### [What is needed]
Set down word for word the lines that begin the entries and run through the line containing "(* Let $A\subseteq[0,1]^d$". Give nothing further.
*** Opening of Given entries ***
Lemma diffp_dirderivs_along (f : field -> field) ls Q y v :
  (forall l j, diffp (l j) y v = (f l j).@[y]) ->
  diffp (dirderivs_along ls Q) y v =
    (dirderivs (rcons [seq pm_eval l y | l <- ls] (pm_diff phi y v)) Q).@[pm_eval phi y] +
    \sum_(ls' <- replace_each f ls) (dirderivs_along ls' Q).@[y].
Proof.
move=> fP; elim: ls Q => [|l ls IH] Q /=.
  rewrite big_nil addr0 diffp_mcomp raddf_sum; apply: eq_bigr => j _.
  by rewrite /= mevalZ mulrC.
rewrite diffp_sum big_cons big_map meval_dirderivs_cons.
have -> : (dirderivs_along (f l :: ls) Q).@[y] =
    \sum_(j < m) (f l j).@[y] * (dirderivs_along ls (mderiv j Q)).@[y].
  by rewrite /= raddf_sum; apply: eq_bigr => j _; rewrite /= mevalM.
have -> : \sum_(ls' <- replace_each f ls) (dirderivs_along (l :: ls') Q).@[y] =
    \sum_(j < m) (l j).@[y] *
      \sum_(ls' <- replace_each f ls) (dirderivs_along ls' (mderiv j Q)).@[y].
  under eq_bigr do rewrite /= raddf_sum.
  rewrite exchange_big /=; apply: eq_bigr => j _; rewrite mulr_sumr.
  by apply: eq_bigr => ls' _; rewrite /= mevalM.
rewrite -!big_split /=; apply: eq_bigr => j _.
rewrite diffpM IH fP meval_dirderivs_along /pm_eval; ring.
Qed.

End DerivativesAlongFields.
(* Let $A\subseteq[0,1]^d$ be an up-closed $0/1$-polytope and $B\subseteq[0,1]^d$ a convex set with $A\subseteq B$ and $d':=\dim(A)=\dim(B)$. If $d'=1$, then $A=B$. Otherwise, (i) $\operatorname{rdist}(A,B)\geq\frac{1}{d'-1}\cdot\frac{\operatorname{LPgapMin}(A,B)}{1+\operatorname{LPgapMin}(A,B)}$, and (ii) $\operatorname{LPgapMin}(A,B)\geq\frac{\operatorname{rdist}(A,B)}{d'-1-\operatorname{rdist}(A,B)}$.
   Context: A $0/1$-polytope $P\subseteq[0,1]^d$ (all vertices in $\{0,1\}^d$) is up-closed if $x\in P$, $y\in[0,1]^d$, $x\leq y$ imply $y\in P$. $\operatorname{LPgapMin}(A,B)=\inf\{\varepsilon\geq0: \inf_{a\in A}c^\intercal a\leq(1+\varepsilon)\inf_{b\in B}c^\intercal b\ \ \forall c\in\mathbb{R}^d_{\geq0}\}$. For nonempty convex $A\subseteq B\subseteq\mathbb{R}^d$, $\operatorname{rdist}(A,B)=\sup_{\pi}\frac{\sup_{b\in B}\inf_{a\in A}|\pi(b)-\pi(a)|}{\sup_{a,a'\in A}|\pi(a)-\pi(a')|}$ over all linear $\pi:\mathbb{R}^d\to\mathbb{R}$, with fractions having denominator $\infty$ and $0/0$ interpreted as $0$. *)

From HB Require Import structures.
From mathcomp Require Import all_boot all_order all_algebra.
From mathcomp Require Import all_classical all_reals ereal.
Set Implicit Arguments. Unset Strict Implicit. Unset Printing Implicit Defensive.
Import Order.TTheory GRing.Theory Num.Theory.
Local Open Scope classical_set_scope.
Local Open Scope ring_scope.

Section Defs.
Variables (R : realType) (d : nat).
Implicit Types (A B S : set 'rV[R]_d).

Definition cube : set 'rV[R]_d := [set x | forall i, 0 <= x 0 i <= 1].

Definition vle (x y : 'rV[R]_d) : Prop := forall i, x 0 i <= y 0 i.

Definition dotv (c x : 'rV[R]_d) : R := \sum_(i < d) c 0 i * x 0 i.

Definition conv_hull (n : nat) (V : 'I_n -> 'rV[R]_d) : set 'rV[R]_d :=
  [set x | exists lam : 'I_n -> R, (forall k, 0 <= lam k) /\
           \sum_(k < n) lam k = 1 /\ x = \sum_(k < n) lam k *: V k].

Definition is01polytope A : Prop :=
  exists (n : nat) (V : 'I_n.+1 -> 'rV[R]_d),
    (forall k i, V k 0 i = 0 \/ V k 0 i = 1) /\ A = conv_hull V.

Definition upclosed A : Prop :=
  forall x y, A x -> cube y -> vle x y -> A y.

Definition convex_set S : Prop :=
  forall x y (t : R), S x -> S y -> 0 <= t <= 1 -> S (t *: x + (1 - t) *: y).

(* S contains k+1 affinely independent points x0, x0 + row_i M *)
Definition aff_dim_ge S (k : nat) : Prop :=
  exists (x0 : 'rV[R]_d) (M : 'M[R]_(k, d)),
    S x0 /\ (forall i, S (x0 + row i M)) /\ \rank M = k.

Definition has_aff_dim S (k : nat) : Prop :=
  aff_dim_ge S k /\ forall m, aff_dim_ge S m -> (m <= k)%N.

Local Open Scope ereal_scope.

Definition LPgapMin A B : \bar R :=
  ereal_inf [set eps%:E | eps in [set eps : R | (0 <= eps)%R /\
     forall c : 'rV[R]_d, (forall i, (0 <= c 0 i)%R) ->
       ereal_inf [set (dotv c a)%:E | a in A]
         <= (1 + eps)%:E * ereal_inf [set (dotv c b)%:E | b in B]]].

Definition is_linear_functional (f : 'rV[R]_d -> R) : Prop :=
  forall (a : R) (u v : 'rV[R]_d), (f (a *: u + v) = a * f u + f v)%R.

(* division with conventions: x/oo = 0, 0/0 = 0, x/0 = +oo for x > 0 *)
Definition ediv (n dd : \bar R) : \bar R :=
  match dd with
  | +oo => 0
  | -oo => 0
  | r%:E => if r == 0%R then (if n == 0 then 0 else +oo) else n * (r^-1)%:E
  end.

Definition rdist_num (f : 'rV[R]_d -> R) A B : \bar R :=
  ereal_sup [set ereal_inf [set (`|f b - f a|%R)%:E | a in A] | b in B].

Definition rdist_den (f : 'rV[R]_d -> R) A : \bar R :=
  ereal_sup [set e | exists a a', A a /\ A a' /\ e = (`|f a - f a'|%R)%:E].

Definition rdist A B : \bar R :=
  ereal_sup [set ediv (rdist_num f A B) (rdist_den f A) | f in is_linear_functional].

End Defs.

From HB Require Import structures.
From mathcomp Require Import all_boot all_order all_algebra.
From mathcomp Require Import all_classical all_reals ereal.
From mathcomp Require Import ring lra.
Import Order.TTheory GRing.Theory Num.Theory.
Local Open Scope classical_set_scope.
Local Open Scope ring_scope.

Set Implicit Arguments. Unset Strict Implicit. Unset Printing Implicit Defensive.

(* Let F be the set of coordinates on which A is not constantly 1. Since A and B have the
   same dimension, B is also 1 off F; moreover #|F| <= d' and 1 - e_i lies in A for i in F,
   so a cost c >= 0 supported on F satisfies d' * min_A c <= (d' - 1) * sum c.
   If eps is feasible for LPgapMin and w is linear, the points of A maximising and
   minimising w span a segment of w(A), and the overshoot of w(B) beyond it is controlled
   by the negative resp. positive part of w on F: the bound above and feasibility make it
   at most (d' - 1) eps/(1 + eps) times the length of the segment.
   If eps is infeasible, some c >= 0 and b in B have (1 + eps) c.b < min_A c =: alpha;
   dropping the coordinates off F and truncating c at alpha gives a functional whose
   range on A has length at most (d' - 1) alpha while b stays at distance alpha - c.b,
   so rdist > eps/((1 + eps)(d' - 1)). Inverting eps |-> eps/(1 + eps) gives (i), (ii). *)

Section DotProduct.
Variables (R : realType) (d : nat).
Implicit Types (c x y : 'rV[R]_d).

Lemma dotv0 c : dotv c 0 = 0.
Proof. by rewrite /dotv big1 // => i _; rewrite mxE mulr0. Qed.

Lemma dotvD c x y : dotv c (x + y) = dotv c x + dotv c y.
Proof. by rewrite /dotv -big_split; apply: eq_bigr => i _; rewrite mxE mulrDr. Qed.

Lemma dotvZ c x a : dotv c (a *: x) = a * dotv c x.
Proof. by rewrite /dotv mulr_sumr; apply: eq_bigr => i _; rewrite mxE mulrCA. Qed.

Lemma dotvN c x : dotv (- c) x = - dotv c x.
Proof. by rewrite /dotv -sumrN; apply: eq_bigr => i _; rewrite mxE mulNr. Qed.

Lemma dotvB c x y : dotv c (x - y) = dotv c x - dotv c y.
Proof. by rewrite dotvD -scaleN1r dotvZ mulN1r. Qed.

Lemma dotv_sum n c (F : 'I_n -> 'rV[R]_d) :
  dotv c (\sum_(k < n) F k) = \sum_(k < n) dotv c (F k).
Proof. exact: (big_morph (dotv c) (dotvD c) (dotv0 c)). Qed.

Lemma dotv_ge0 c x : (forall i, 0 <= c 0 i) -> (forall i, 0 <= x 0 i) -> 0 <= dotv c x.
Proof. by move=> c0 x0; apply: sumr_ge0 => i _; apply: mulr_ge0. Qed.

Lemma dotv_cube_le c x : (forall i, 0 <= c 0 i) -> cube x -> dotv c x <= \sum_i c 0 i.
Proof. by move=> c0 x_cube; apply: ler_sum => i _; rewrite ler_piMr //; case/andP: (x_cube i). Qed.

Definition mask_row (F : {set 'I_d}) c : 'rV[R]_d := \row_i (if i \in F then c 0 i else 0).

Definition negpart c : 'rV[R]_d := \row_i (if c 0 i < 0 then - c 0 i else 0).

Lemma dotv_mask_row (F : {set 'I_d}) c x : (forall i, i \notin F -> x 0 i = 1) ->
  dotv c x = dotv (mask_row F c) x + \sum_(i | i \notin F) c 0 i.
Proof.
move=> x1; rewrite /dotv [X in _ + X]big_mkcond -big_split; apply: eq_bigr => i _ /=.
by rewrite mxE; case: ifPn => iF; rewrite ?addr0 // x1 // mul0r add0r mulr1.
Qed.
*** Close of Given entries ***
### [Worked solution]
Lemma diffp_dirderivs_along (f : field -> field) ls Q y v :
  (forall l j, diffp (l j) y v = (f l j).@[y]) ->
  diffp (dirderivs_along ls Q) y v =
    (dirderivs (rcons [seq pm_eval l y | l <- ls] (pm_diff phi y v)) Q).@[pm_eval phi y] +
    \sum_(ls' <- replace_each f ls) (dirderivs_along ls' Q).@[y].
Proof.
move=> fP; elim: ls Q => [|l ls IH] Q /=.
  rewrite big_nil addr0 diffp_mcomp raddf_sum; apply: eq_bigr => j _.
  by rewrite /= mevalZ mulrC.
rewrite diffp_sum big_cons big_map meval_dirderivs_cons.
have -> : (dirderivs_along (f l :: ls) Q).@[y] =
    \sum_(j < m) (f l j).@[y] * (dirderivs_along ls (mderiv j Q)).@[y].
  by rewrite /= raddf_sum; apply: eq_bigr => j _; rewrite /= mevalM.
have -> : \sum_(ls' <- replace_each f ls) (dirderivs_along (l :: ls') Q).@[y] =
    \sum_(j < m) (l j).@[y] *
      \sum_(ls' <- replace_each f ls) (dirderivs_along ls' (mderiv j Q)).@[y].
  under eq_bigr do rewrite /= raddf_sum.
  rewrite exchange_big /=; apply: eq_bigr => j _; rewrite mulr_sumr.
  by apply: eq_bigr => ls' _; rewrite /= mevalM.
rewrite -!big_split /=; apply: eq_bigr => j _.
rewrite diffpM IH fP meval_dirderivs_along /pm_eval; ring.
Qed.

End DerivativesAlongFields.
(* Let $A\subseteq[0,1]^d$ be an up-closed $0/1$-polytope and $B\subseteq[0,1]^d$ a convex set with $A\subseteq B$ and $d':=\dim(A)=\dim(B)$. If $d'=1$, then $A=B$. Otherwise, (i) $\operatorname{rdist}(A,B)\geq\frac{1}{d'-1}\cdot\frac{\operatorname{LPgapMin}(A,B)}{1+\operatorname{LPgapMin}(A,B)}$, and (ii) $\operatorname{LPgapMin}(A,B)\geq\frac{\operatorname{rdist}(A,B)}{d'-1-\operatorname{rdist}(A,B)}$.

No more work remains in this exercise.